WHAT THE EXERCISE ASKS: The data should be restated word for word, in full.
··········
(* Let $\tau$ be a row-standard tableau with $\tau\in D_i$, and let $j$ be the entry in the box immediately above $i$. Then $n_{\mathrm{inv}}(\delta_i(\tau))=n_{\mathrm{inv}}(\tau)-1$ if $(\min(i,j),\max(i,j))$ is an inversion of $\tau$, and $n_{\mathrm{inv}}(\delta_i(\tau))=n_{\mathrm{inv}}(\tau)+1$ otherwise.
   Context: Fix a Young diagram $Y$ with $n$ boxes (rows drawn top to bottom, left-justified). A row-standard tableau of shape $Y$ is a bijective numbering of its boxes by $1,\dots,n$ increasing left to right along rows; it is standard if also increasing top to bottom along columns. An inversion of a row-standard $\tau$ is a pair $i<j$ in the same column such that either (i) $i$ or $j$ has no box immediately to its right and $i$ is below $j$, or (ii) $i,j$ have right neighbours $i',j'$ with $i'>j'$; $n_{\mathrm{inv}}(\tau)$ is their number. For $i\in\{1,\dots,n\}$, $D_i$ is the set of row-standard tableaux $\tau$ such that: (1) $i$ is not in the first row, and letting $j$ be the entry immediately above $i$: (2) if $i$ has a right neighbour $i'$ then $j<i'$, and if $j$ has a right neighbour $j'$ then $i<j'$; (3) for every $k$ in the same column as $i,j$ with $\min(i,j)<k<\max(i,j)$, exactly one of $(\min(i,j),k)$ and $(k,\max(i,j))$ is an inversion. For $\tau\in D_i$, if $i_1<\dots<i_q=i$ are the entries of the row of $i$ up to $i$ and $j_1<\dots<j_q=j$ those of the row of $j$ up to $j$, then $\delta_i(\tau)$ is the row-standard tableau obtained by swapping $i_k$ and $j_k$ for every $k=1,\dots,q$. *)

From mathcomp Require Import all_boot.
Set Implicit Arguments. Unset Strict Implicit. Unset Printing Implicit Defensive.

(* A tableau is the list of its rows, top row first (row index 0 is the top;
   larger row index = lower).  Entry in row r, column c (both 0-based). *)
Definition tableau := seq (seq nat).

Definition young_shape (T : tableau) : bool :=
  all (fun row => 0 < size row) T && sorted geq (map size T).

Definition row_standard (T : tableau) : bool :=
  [&& young_shape T,
      perm_eq (flatten T) (iota 1 (size (flatten T))) &
      all (sorted ltn) T].

Definition entry (T : tableau) (r c : nat) : nat := nth 0 (nth [::] T r) c.

Definition row_of (T : tableau) (x : nat) : nat := find (fun row => x \in row) T.
Definition col_of (T : tableau) (x : nat) : nat := index x (nth [::] T (row_of T x)).

Definition has_right (T : tableau) (x : nat) : bool :=
  (col_of T x).+1 < size (nth [::] T (row_of T x)).
Definition right_of (T : tableau) (x : nat) : nat :=
  entry T (row_of T x) (col_of T x).+1.

Definition is_inv (T : tableau) (a b : nat) : bool :=
  [&& a < b, a \in flatten T, b \in flatten T,
      col_of T a == col_of T b &
      ((~~ has_right T a || ~~ has_right T b) && (row_of T b < row_of T a))
      || [&& has_right T a, has_right T b & right_of T b < right_of T a]].

Definition n_inv (T : tableau) : nat :=
  \sum_(a <- flatten T) \sum_(b <- flatten T) is_inv T a b.

(* the entry immediately above i (meaningful when i is not in the first row) *)
Definition above (T : tableau) (i : nat) : nat :=
  entry T (row_of T i).-1 (col_of T i).

Definition in_D (T : tableau) (i : nat) : bool :=
  let j := above T i in
  [&& i \in flatten T,
      0 < row_of T i,
      has_right T i ==> (j < right_of T i),
      has_right T j ==> (i < right_of T j) &
      all (fun k =>
             ((col_of T k == col_of T i) && (minn i j < k < maxn i j)) ==>
             (is_inv T (minn i j) k (+) is_inv T k (maxn i j)))
          (flatten T)].

Definition delta (T : tableau) (i : nat) : tableau :=
  let r := row_of T i in
  let q := (col_of T i).+1 in
  let Ri := nth [::] T r in
  let Rj := nth [::] T r.-1 in
  set_nth [::] (set_nth [::] T r (take q Rj ++ drop q Ri)) r.-1
          (take q Ri ++ drop q Rj).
··········
WRITTEN RESPONSE:
(* Let $\tau$ be a row-standard tableau with $\tau\in D_i$, and let $j$ be the entry in the box immediately above $i$. Then $n_{\mathrm{inv}}(\delta_i(\tau))=n_{\mathrm{inv}}(\tau)-1$ if $(\min(i,j),\max(i,j))$ is an inversion of $\tau$, and $n_{\mathrm{inv}}(\delta_i(\tau))=n_{\mathrm{inv}}(\tau)+1$ otherwise.
   Context: Fix a Young diagram $Y$ with $n$ boxes (rows drawn top to bottom, left-justified). A row-standard tableau of shape $Y$ is a bijective numbering of its boxes by $1,\dots,n$ increasing left to right along rows; it is standard if also increasing top to bottom along columns. An inversion of a row-standard $\tau$ is a pair $i<j$ in the same column such that either (i) $i$ or $j$ has no box immediately to its right and $i$ is below $j$, or (ii) $i,j$ have right neighbours $i',j'$ with $i'>j'$; $n_{\mathrm{inv}}(\tau)$ is their number. For $i\in\{1,\dots,n\}$, $D_i$ is the set of row-standard tableaux $\tau$ such that: (1) $i$ is not in the first row, and letting $j$ be the entry immediately above $i$: (2) if $i$ has a right neighbour $i'$ then $j<i'$, and if $j$ has a right neighbour $j'$ then $i<j'$; (3) for every $k$ in the same column as $i,j$ with $\min(i,j)<k<\max(i,j)$, exactly one of $(\min(i,j),k)$ and $(k,\max(i,j))$ is an inversion. For $\tau\in D_i$, if $i_1<\dots<i_q=i$ are the entries of the row of $i$ up to $i$ and $j_1<\dots<j_q=j$ those of the row of $j$ up to $j$, then $\delta_i(\tau)$ is the row-standard tableau obtained by swapping $i_k$ and $j_k$ for every $k=1,\dots,q$. *)

From mathcomp Require Import all_boot.
Set Implicit Arguments. Unset Strict Implicit. Unset Printing Implicit Defensive.

(* A tableau is the list of its rows, top row first (row index 0 is the top;
   larger row index = lower).  Entry in row r, column c (both 0-based). *)
Definition tableau := seq (seq nat).

Definition young_shape (T : tableau) : bool :=
  all (fun row => 0 < size row) T && sorted geq (map size T).

Definition row_standard (T : tableau) : bool :=
  [&& young_shape T,
      perm_eq (flatten T) (iota 1 (size (flatten T))) &
      all (sorted ltn) T].

Definition entry (T : tableau) (r c : nat) : nat := nth 0 (nth [::] T r) c.

Definition row_of (T : tableau) (x : nat) : nat := find (fun row => x \in row) T.
Definition col_of (T : tableau) (x : nat) : nat := index x (nth [::] T (row_of T x)).

Definition has_right (T : tableau) (x : nat) : bool :=
  (col_of T x).+1 < size (nth [::] T (row_of T x)).
Definition right_of (T : tableau) (x : nat) : nat :=
  entry T (row_of T x) (col_of T x).+1.

Definition is_inv (T : tableau) (a b : nat) : bool :=
  [&& a < b, a \in flatten T, b \in flatten T,
      col_of T a == col_of T b &
      ((~~ has_right T a || ~~ has_right T b) && (row_of T b < row_of T a))
      || [&& has_right T a, has_right T b & right_of T b < right_of T a]].

Definition n_inv (T : tableau) : nat :=
  \sum_(a <- flatten T) \sum_(b <- flatten T) is_inv T a b.

(* the entry immediately above i (meaningful when i is not in the first row) *)
Definition above (T : tableau) (i : nat) : nat :=
  entry T (row_of T i).-1 (col_of T i).

Definition in_D (T : tableau) (i : nat) : bool :=
  let j := above T i in
  [&& i \in flatten T,
      0 < row_of T i,
      has_right T i ==> (j < right_of T i),
      has_right T j ==> (i < right_of T j) &
      all (fun k =>
             ((col_of T k == col_of T i) && (minn i j < k < maxn i j)) ==>
             (is_inv T (minn i j) k (+) is_inv T k (maxn i j)))
          (flatten T)].

Definition delta (T : tableau) (i : nat) : tableau :=
  let r := row_of T i in
  let q := (col_of T i).+1 in
  let Ri := nth [::] T r in
  let Rj := nth [::] T r.-1 in
  set_nth [::] (set_nth [::] T r (take q Rj ++ drop q Ri)) r.-1
          (take q Ri ++ drop q Rj).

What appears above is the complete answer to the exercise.